> [Given information]
+++
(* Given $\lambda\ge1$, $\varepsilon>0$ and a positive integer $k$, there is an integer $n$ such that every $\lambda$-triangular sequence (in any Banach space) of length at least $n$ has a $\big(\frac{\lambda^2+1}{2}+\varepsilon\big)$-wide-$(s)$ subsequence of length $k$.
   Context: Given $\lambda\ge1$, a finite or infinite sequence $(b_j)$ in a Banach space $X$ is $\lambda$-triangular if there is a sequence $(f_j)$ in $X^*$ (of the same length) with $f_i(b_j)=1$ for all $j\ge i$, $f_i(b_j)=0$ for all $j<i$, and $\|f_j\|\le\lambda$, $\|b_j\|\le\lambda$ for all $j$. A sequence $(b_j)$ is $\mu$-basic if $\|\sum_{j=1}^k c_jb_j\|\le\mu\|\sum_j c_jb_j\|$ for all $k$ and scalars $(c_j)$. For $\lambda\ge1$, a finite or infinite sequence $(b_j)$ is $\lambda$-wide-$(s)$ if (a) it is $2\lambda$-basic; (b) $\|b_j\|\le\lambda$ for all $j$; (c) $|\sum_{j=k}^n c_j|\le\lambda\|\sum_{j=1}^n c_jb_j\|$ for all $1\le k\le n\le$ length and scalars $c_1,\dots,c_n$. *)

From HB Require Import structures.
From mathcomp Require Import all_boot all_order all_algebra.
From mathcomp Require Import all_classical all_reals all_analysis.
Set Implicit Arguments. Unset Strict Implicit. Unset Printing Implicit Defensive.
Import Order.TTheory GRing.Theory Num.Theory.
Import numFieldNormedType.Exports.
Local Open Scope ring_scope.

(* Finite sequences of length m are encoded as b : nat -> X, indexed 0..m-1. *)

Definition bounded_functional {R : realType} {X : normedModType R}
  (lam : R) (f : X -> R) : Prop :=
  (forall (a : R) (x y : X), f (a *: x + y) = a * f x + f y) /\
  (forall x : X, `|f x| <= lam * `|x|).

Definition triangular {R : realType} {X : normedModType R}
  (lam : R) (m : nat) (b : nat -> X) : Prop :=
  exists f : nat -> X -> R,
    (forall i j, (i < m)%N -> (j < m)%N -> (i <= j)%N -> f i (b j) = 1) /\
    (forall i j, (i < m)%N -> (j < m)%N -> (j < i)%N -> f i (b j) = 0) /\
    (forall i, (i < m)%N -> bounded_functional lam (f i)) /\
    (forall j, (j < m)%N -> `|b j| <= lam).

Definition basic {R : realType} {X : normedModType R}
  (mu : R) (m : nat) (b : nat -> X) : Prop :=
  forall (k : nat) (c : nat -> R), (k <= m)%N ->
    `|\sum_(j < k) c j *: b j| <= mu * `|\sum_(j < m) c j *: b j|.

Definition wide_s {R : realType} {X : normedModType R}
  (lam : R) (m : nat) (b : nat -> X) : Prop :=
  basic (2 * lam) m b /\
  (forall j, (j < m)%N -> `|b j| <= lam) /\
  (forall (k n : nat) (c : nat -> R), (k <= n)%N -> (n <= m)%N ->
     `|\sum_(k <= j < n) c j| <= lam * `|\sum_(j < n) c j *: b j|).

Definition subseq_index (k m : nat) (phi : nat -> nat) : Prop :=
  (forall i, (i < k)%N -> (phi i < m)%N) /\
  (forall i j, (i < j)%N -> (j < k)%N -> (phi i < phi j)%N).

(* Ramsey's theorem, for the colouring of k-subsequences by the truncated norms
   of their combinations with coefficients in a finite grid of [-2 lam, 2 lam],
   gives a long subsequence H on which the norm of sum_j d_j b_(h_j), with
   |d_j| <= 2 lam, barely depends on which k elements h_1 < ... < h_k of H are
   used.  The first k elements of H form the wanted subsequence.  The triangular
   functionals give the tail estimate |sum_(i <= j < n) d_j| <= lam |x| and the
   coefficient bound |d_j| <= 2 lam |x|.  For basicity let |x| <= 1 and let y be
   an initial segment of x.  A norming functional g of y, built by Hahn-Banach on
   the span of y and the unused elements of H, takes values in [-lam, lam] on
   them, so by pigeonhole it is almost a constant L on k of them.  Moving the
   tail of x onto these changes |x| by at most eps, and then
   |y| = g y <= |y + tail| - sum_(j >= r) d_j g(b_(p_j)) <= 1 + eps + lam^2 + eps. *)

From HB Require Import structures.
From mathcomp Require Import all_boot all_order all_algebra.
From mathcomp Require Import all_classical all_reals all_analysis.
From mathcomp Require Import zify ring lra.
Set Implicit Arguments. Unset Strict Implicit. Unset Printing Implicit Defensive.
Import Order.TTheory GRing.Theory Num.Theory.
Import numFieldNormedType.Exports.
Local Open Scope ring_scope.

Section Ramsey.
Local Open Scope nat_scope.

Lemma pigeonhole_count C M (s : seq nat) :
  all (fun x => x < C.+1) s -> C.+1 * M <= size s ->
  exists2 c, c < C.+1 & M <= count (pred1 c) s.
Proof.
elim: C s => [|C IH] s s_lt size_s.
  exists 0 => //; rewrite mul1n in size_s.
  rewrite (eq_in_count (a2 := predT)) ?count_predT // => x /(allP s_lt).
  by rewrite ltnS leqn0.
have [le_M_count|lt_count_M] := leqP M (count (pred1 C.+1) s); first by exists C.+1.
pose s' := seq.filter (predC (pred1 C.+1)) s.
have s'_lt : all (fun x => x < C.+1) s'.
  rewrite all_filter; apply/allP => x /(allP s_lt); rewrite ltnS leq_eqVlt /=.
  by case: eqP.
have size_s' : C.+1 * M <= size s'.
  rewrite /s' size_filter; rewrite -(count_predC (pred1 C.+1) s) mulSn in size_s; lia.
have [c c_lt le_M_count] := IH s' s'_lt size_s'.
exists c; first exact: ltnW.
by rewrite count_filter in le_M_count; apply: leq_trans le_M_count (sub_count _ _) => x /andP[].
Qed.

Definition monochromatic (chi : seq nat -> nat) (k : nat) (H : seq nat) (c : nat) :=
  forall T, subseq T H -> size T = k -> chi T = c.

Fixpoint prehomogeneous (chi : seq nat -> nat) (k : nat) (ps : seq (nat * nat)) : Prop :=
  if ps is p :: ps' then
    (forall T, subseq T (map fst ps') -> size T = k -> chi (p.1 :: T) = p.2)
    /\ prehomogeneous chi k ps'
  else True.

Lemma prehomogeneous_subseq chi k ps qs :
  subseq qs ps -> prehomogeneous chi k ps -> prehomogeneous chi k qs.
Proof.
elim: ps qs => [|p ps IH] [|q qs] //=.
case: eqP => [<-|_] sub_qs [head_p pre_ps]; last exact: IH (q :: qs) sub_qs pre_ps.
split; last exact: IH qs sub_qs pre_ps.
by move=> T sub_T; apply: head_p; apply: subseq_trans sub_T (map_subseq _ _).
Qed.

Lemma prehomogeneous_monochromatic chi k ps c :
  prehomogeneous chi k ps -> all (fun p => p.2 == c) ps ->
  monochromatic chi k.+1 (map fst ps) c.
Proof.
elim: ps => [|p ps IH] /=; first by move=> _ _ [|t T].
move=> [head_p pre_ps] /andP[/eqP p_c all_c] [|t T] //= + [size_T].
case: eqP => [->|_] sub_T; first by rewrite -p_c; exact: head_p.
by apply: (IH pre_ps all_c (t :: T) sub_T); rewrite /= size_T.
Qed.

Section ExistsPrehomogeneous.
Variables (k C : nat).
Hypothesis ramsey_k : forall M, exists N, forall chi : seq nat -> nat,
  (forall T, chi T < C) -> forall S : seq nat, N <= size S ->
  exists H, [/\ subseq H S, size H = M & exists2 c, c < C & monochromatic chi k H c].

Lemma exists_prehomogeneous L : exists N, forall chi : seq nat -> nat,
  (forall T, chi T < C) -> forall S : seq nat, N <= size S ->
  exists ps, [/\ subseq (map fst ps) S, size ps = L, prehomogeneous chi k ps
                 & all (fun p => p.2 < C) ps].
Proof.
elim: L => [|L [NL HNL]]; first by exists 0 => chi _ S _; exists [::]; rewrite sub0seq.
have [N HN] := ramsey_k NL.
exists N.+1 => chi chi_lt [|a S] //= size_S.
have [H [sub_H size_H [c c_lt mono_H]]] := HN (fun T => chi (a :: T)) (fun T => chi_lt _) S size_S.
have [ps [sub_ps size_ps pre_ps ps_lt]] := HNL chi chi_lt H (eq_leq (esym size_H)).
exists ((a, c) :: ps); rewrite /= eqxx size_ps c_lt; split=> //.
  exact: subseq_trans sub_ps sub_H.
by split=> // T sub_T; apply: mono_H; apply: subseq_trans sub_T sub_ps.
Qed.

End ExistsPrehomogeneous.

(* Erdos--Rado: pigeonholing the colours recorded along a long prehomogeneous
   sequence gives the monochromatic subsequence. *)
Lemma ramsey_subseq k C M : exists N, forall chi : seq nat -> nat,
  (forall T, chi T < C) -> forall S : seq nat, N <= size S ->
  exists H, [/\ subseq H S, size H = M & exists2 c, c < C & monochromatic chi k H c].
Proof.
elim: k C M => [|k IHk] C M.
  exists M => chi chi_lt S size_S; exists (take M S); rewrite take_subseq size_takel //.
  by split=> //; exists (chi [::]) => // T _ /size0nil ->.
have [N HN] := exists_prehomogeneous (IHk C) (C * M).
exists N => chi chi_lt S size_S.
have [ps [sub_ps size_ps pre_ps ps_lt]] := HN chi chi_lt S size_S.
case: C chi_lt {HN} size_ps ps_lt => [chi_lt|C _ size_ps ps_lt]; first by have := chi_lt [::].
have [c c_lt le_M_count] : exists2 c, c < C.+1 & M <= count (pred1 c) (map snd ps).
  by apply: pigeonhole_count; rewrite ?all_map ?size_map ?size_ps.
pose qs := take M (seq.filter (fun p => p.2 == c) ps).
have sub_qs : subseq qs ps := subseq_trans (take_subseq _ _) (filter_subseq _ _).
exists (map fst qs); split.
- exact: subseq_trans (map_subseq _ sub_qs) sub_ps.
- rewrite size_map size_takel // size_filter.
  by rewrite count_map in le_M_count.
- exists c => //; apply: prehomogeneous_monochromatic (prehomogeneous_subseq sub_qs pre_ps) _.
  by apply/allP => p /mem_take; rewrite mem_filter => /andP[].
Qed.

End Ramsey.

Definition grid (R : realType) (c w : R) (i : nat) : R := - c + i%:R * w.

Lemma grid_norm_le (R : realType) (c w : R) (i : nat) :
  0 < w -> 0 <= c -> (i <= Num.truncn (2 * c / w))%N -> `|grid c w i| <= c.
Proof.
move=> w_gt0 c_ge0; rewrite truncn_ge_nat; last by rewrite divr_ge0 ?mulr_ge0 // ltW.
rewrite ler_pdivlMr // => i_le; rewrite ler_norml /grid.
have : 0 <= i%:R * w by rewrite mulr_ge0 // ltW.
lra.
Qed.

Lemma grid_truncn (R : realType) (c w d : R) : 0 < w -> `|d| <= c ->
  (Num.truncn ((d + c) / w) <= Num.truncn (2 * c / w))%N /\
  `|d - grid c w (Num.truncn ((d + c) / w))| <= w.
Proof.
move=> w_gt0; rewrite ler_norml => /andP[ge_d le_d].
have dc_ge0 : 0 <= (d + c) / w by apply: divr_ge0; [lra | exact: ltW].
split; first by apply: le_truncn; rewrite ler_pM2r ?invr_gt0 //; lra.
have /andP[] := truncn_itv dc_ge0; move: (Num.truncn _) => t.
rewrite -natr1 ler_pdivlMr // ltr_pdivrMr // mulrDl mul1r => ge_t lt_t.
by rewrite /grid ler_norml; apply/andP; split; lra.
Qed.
+++
> [Work to complete] Give an exact copy of the lines above from the line with "(forall (k n" up to and including the line with "(forall i j, (i < j)%N", and leave everything else out.

> [Written solution]
  (forall (k n : nat) (c : nat -> R), (k <= n)%N -> (n <= m)%N ->
     `|\sum_(k <= j < n) c j| <= lam * `|\sum_(j < n) c j *: b j|).

Definition subseq_index (k m : nat) (phi : nat -> nat) : Prop :=
  (forall i, (i < k)%N -> (phi i < m)%N) /\
  (forall i j, (i < j)%N -> (j < k)%N -> (phi i < phi j)%N).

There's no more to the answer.